**WORK TO COMPLETE:** If a line in the records below holds the word "satisfies", copy it.
----
(* Consider an MDP with finite action set $\mathcal{A}$ partitioned into disjoint clusters $\{\mathcal{A}_c\}_{c\in\mathcal{C}}$, fix a state $s$, let $Q^\star$ be the optimal action-value function, $a^\star\in\arg\max_{a\in\mathcal{A}}Q^\star(s,a)$, and $c^\star$ the cluster containing $a^\star$. Let $\pi$ be a hierarchical policy $\pi(a\mid s)=\pi_{\mathrm{high}}(c\mid s)\,\pi_{\mathrm{low}}(a\mid s,c)$ for $a\in\mathcal{A}_c$, where $\pi_{\mathrm{low}}(\cdot\mid s,c)$ is supported on $\mathcal{A}_c$. Suppose the high-level policy selects a sub-optimal cluster $c\ne c^\star$ with probability $\epsilon_h=\pi_{\mathrm{high}}(c\mid s)$. Then the value regret $R=V^\star(s)-V^\pi(s)$ satisfies $$R\ge\epsilon_h\Big(Q^\star(s,a^\star)-\max_{a\in\mathcal{A}_c}Q^\star(s,a)\Big).$$
   Context: $V^\star(s)=\max_a Q^\star(s,a)$ is the optimal value and $V^\pi(s)$ is the (discounted) value of policy $\pi$ at state $s$. *)

From mathcomp Require Import all_boot all_order all_algebra.
Set Implicit Arguments. Unset Strict Implicit. Unset Printing Implicit Defensive.
Import Order.TTheory GRing.Theory Num.Theory.
Local Open Scope ring_scope.

Section MDP.
Variables (R : realFieldType) (S A C : finType).

Definition is_distr (T : finType) (p : T -> R) : Prop :=
  (forall x, 0 <= p x) /\ \sum_x p x = 1.

Definition is_max_on (P : pred A) (f : A -> R) (m : R) : Prop :=
  (exists2 a, P a & m = f a) /\ (forall a, P a -> f a <= m).

Definition is_transition (Tr : S -> A -> S -> R) : Prop :=
  forall s a, is_distr (Tr s a).

(* Q* is the optimal action-value function and Vs = V* (s) = max_a Q*(s,a):
   the (unique, for 0 <= gamma < 1) solution of the Bellman optimality equation *)
Definition is_optimal_Q (r : S -> A -> R) (Tr : S -> A -> S -> R) (gamma : R)
    (Q : S -> A -> R) (Vs : S -> R) : Prop :=
  (forall s, is_max_on predT (Q s) (Vs s)) /\
  (forall s a, Q s a = r s a + gamma * \sum_s' Tr s a s' * Vs s').

(* V is the discounted value of the stochastic policy pi (pi s a = pi(a|s)):
   the (unique, for 0 <= gamma < 1) solution of the policy Bellman equation *)
Definition is_policy_value (r : S -> A -> R) (Tr : S -> A -> S -> R) (gamma : R)
    (pi : S -> A -> R) (V : S -> R) : Prop :=
  forall s, V s = \sum_a pi s a * (r s a + gamma * \sum_s' Tr s a s' * V s').

(* cl a = the cluster c with a \in A_c (so the clusters partition A).
   Hierarchical policy: pi(a|s) = pi_high(c|s) pi_low(a|s,c) for a \in A_c. *)
Definition hier_policy (cl : A -> C) (ph : S -> C -> R) (pl : S -> C -> A -> R)
    : S -> A -> R := fun s a => ph s (cl a) * pl s (cl a) a.

Definition is_hier (cl : A -> C) (ph : S -> C -> R) (pl : S -> C -> A -> R)
    : Prop :=
  (forall s, is_distr (ph s)) /\
  (forall s c, is_distr (pl s c)) /\
  (forall s c a, cl a != c -> pl s c a = 0).

End MDP.

(** The regret g := V* - V^pi satisfies the Bellman-type equation
    g(s) = sum_a pi(a|s) (V*(s) - Q*(s,a)) + gamma E_{a ~ pi, s' ~ T}[g(s')],
    whose source term (the expected one-step gap) is nonnegative; at a
    minimiser of g this forces (1 - gamma) min g >= 0, so g >= 0 everywhere.
    Dropping the discounted term, the regret at s is at least the one-step gap,
    and restricting that sum to the cluster c, where every gap is at least
    Q*(s,a_star) - max_{a in A_c} Q*(s,a), leaves pi_high(c|s) times this
    difference. *)
From mathcomp Require Import all_boot all_order all_algebra.
From mathcomp Require Import ring.
Set Implicit Arguments. Unset Strict Implicit. Unset Printing Implicit Defensive.
Import Order.TTheory GRing.Theory Num.Theory.
Local Open Scope ring_scope.

Section Distributions.
Variable R : realFieldType.

Lemma is_distr_mix (I T : finType) (p : I -> R) (k : I -> T -> R) :
  is_distr p -> (forall i, is_distr (k i)) ->
  is_distr (fun t => \sum_i p i * k i t).
Proof.
move=> [p_ge0 p_sum1] k_distr; split=> [t|].
  by apply: sumr_ge0 => i _; rewrite mulr_ge0 //; case: (k_distr i).
rewrite exchange_big /= -p_sum1; apply: eq_bigr => i _.
by rewrite -mulr_sumr (proj2 (k_distr i)) mulr1.
Qed.

Lemma gap_sum_ge_restricted (A : finType) (P : pred A) (p q : A -> R)
    (v m : R) :
  (forall a, 0 <= p a) -> (forall a, q a <= v) -> (forall a, P a -> q a <= m) ->
  (\sum_(a | P a) p a) * (v - m) <= \sum_a p a * (v - q a).
Proof.
move=> p_ge0 q_le_v q_le_m; rewrite mulr_suml [leRHS](bigID P) /=.
apply: ler_wpDr.
  by apply: sumr_ge0 => a _; rewrite mulr_ge0 // subr_ge0.
by apply: ler_sum => a Pa; rewrite ler_wpM2l // lerB // q_le_m.
Qed.

Lemma bellman_fixpoint_ge0 (S : finType) (P : S -> S -> R) (b g : S -> R)
    (gamma : R) :
  0 <= gamma -> gamma < 1 -> (forall s, is_distr (P s)) ->
  (forall s, 0 <= b s) ->
  (forall s, g s = b s + gamma * \sum_s' P s s' * g s') ->
  forall s, 0 <= g s.
Proof.
move=> gamma_ge0 gamma_lt1 P_distr b_ge0 g_eq s.
pose s0 := Order.arg_min s xpredT g.
have g_min x : g s0 <= g x by rewrite /s0; case: arg_minP => // i _; apply.
have one_sub_gamma_gt0 : 0 < 1 - gamma by rewrite subr_gt0.
apply: le_trans (g_min s); rewrite -(pmulr_rge0 _ one_sub_gamma_gt0).
rewrite mulrBl mul1r subr_ge0 [leRHS]g_eq ler_wpDl // ler_wpM2l //.
rewrite -[leLHS]mul1r -(proj2 (P_distr s0)) mulr_suml.
by apply: ler_sum => x _; rewrite ler_wpM2l // (proj1 (P_distr s0)).
Qed.

End Distributions.

Section HierarchicalPolicy.
Variables (R : realFieldType) (S A C : finType) (cl : A -> C).
Variables (ph : S -> C -> R) (pl : S -> C -> A -> R).
Hypothesis pl_supp : forall s c a, cl a != c -> pl s c a = 0.

Lemma hier_policyE s a :
  hier_policy cl ph pl s a = \sum_c ph s c * pl s c a.
Proof.
rewrite (bigD1 (cl a)) //= big1 ?addr0 // => c c_neq.
by rewrite pl_supp ?mulr0 // eq_sym.
Qed.

Lemma is_distr_hier_policy s :
  is_distr (ph s) -> (forall c, is_distr (pl s c)) ->
  is_distr (hier_policy cl ph pl s).
Proof.
move=> ph_distr pl_distr.
have [mix_ge0 mix_sum1] := is_distr_mix ph_distr pl_distr.
split=> [a|]; first by rewrite hier_policyE.
by under eq_bigr do rewrite hier_policyE.
Qed.

Lemma sum_hier_policy_cluster s c :
  is_distr (pl s c) -> \sum_(a | cl a == c) hier_policy cl ph pl s a = ph s c.
Proof.
move=> [_ pl_sum1].
rewrite (eq_bigr (fun a => ph s c * pl s c a)); last by move=> a /eqP <-.
rewrite -mulr_sumr -[RHS]mulr1 -pl_sum1; congr (_ * _).
rewrite [RHS](bigID [pred a | cl a == c]) /=.
by rewrite [X in _ + X]big1 ?addr0 // => a /pl_supp.
Qed.

End HierarchicalPolicy.

Section Regret.
Variables (R : realFieldType) (S A : finType).
Variables (r : S -> A -> R) (Tr : S -> A -> S -> R) (gamma : R).
Variables (Q : S -> A -> R) (V : S -> R) (pi : S -> A -> R) (Vpi : S -> R).
Hypothesis Q_lookahead :
  forall s a, Q s a = r s a + gamma * \sum_s' Tr s a s' * V s'.
Hypothesis Vpi_value : is_policy_value r Tr gamma pi Vpi.
Hypothesis pi_sum1 : forall s, \sum_a pi s a = 1.

Lemma value_gap_bellman s :
  V s - Vpi s = \sum_a pi s a * (V s - Q s a)
    + gamma * \sum_s' (\sum_a pi s a * Tr s a s') * (V s' - Vpi s').
Proof.
under [X in _ = _ + gamma * X]eq_bigr do rewrite mulr_suml.
rewrite exchange_big /= [in LHS]Vpi_value -[in LHS](mul1r (V s)) -(pi_sum1 s).
rewrite mulr_suml -sumrB mulr_sumr -big_split /=; apply: eq_bigr => a _.
under [X in _ = _ + gamma * X]eq_bigr do rewrite -mulrA mulrBr.
by rewrite -mulr_sumr sumrB Q_lookahead; ring.
Qed.

End Regret.

Theorem propositionB1 (R : realFieldType) (S A C : finType)
  (cl : A -> C) (r : S -> A -> R) (Tr : S -> A -> S -> R) (gamma : R)
  (hgamma0 : 0 <= gamma) (hgamma1 : gamma < 1)
  (hTr : is_transition Tr)
  (Qstar : S -> A -> R) (Vstar : S -> R)
  (hQ : is_optimal_Q r Tr gamma Qstar Vstar)
  (ph : S -> C -> R) (pl : S -> C -> A -> R)
  (hpi : is_hier cl ph pl)
  (Vpi : S -> R)
  (hV : is_policy_value r Tr gamma (hier_policy cl ph pl) Vpi)
  (s : S) (astar : A)
  (hastar : forall a, Qstar s a <= Qstar s astar)
  (c : C) (hc : c != cl astar)
  (m : R) (hm : is_max_on [pred a | cl a == c] (Qstar s) m) :
  ph s c * (Qstar s astar - m) <= Vstar s - Vpi s.
Proof.
case: hQ => V_max Q_lookahead; case: hpi => ph_distr [pl_distr pl_supp].
set pi := hier_policy cl ph pl.
have pi_distr s' : is_distr (pi s') by exact: is_distr_hier_policy.
have pi_sum1 s' : \sum_a pi s' a = 1 by case: (pi_distr s').
have Q_le_V s' a : Qstar s' a <= Vstar s' by apply: (proj2 (V_max s')).
have gap_ge0 s' : 0 <= \sum_a pi s' a * (Vstar s' - Qstar s' a).
  by apply: sumr_ge0 => a _; rewrite mulr_ge0 ?subr_ge0 //; case: (pi_distr s').
have step_distr s' : is_distr (fun s'' => \sum_a pi s' a * Tr s' a s'').
  exact: is_distr_mix.
have regret_eq := value_gap_bellman Q_lookahead hV pi_sum1.
have regret_ge0 := bellman_fixpoint_ge0 hgamma0 hgamma1 step_distr gap_ge0
  regret_eq.
have -> : Qstar s astar = Vstar s.
  by apply/eqP; rewrite eq_le Q_le_V /=; have [[a _ ->] _] := V_max s.
rewrite regret_eq ler_wpDr //.
  rewrite mulr_ge0 // sumr_ge0 // => s' _.
  by rewrite mulr_ge0 // (proj1 (step_distr s)).
rewrite -(sum_hier_policy_cluster ph pl_supp (pl_distr s c)).
by apply: gap_sum_ge_restricted => // a; [case: (pi_distr s) | apply: hm.2].
Qed.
----
**SOLUTION FOR THIS EXERCISE:**
(* Consider an MDP with finite action set $\mathcal{A}$ partitioned into disjoint clusters $\{\mathcal{A}_c\}_{c\in\mathcal{C}}$, fix a state $s$, let $Q^\star$ be the optimal action-value function, $a^\star\in\arg\max_{a\in\mathcal{A}}Q^\star(s,a)$, and $c^\star$ the cluster containing $a^\star$. Let $\pi$ be a hierarchical policy $\pi(a\mid s)=\pi_{\mathrm{high}}(c\mid s)\,\pi_{\mathrm{low}}(a\mid s,c)$ for $a\in\mathcal{A}_c$, where $\pi_{\mathrm{low}}(\cdot\mid s,c)$ is supported on $\mathcal{A}_c$. Suppose the high-level policy selects a sub-optimal cluster $c\ne c^\star$ with probability $\epsilon_h=\pi_{\mathrm{high}}(c\mid s)$. Then the value regret $R=V^\star(s)-V^\pi(s)$ satisfies $$R\ge\epsilon_h\Big(Q^\star(s,a^\star)-\max_{a\in\mathcal{A}_c}Q^\star(s,a)\Big).$$
(** The regret g := V* - V^pi satisfies the Bellman-type equation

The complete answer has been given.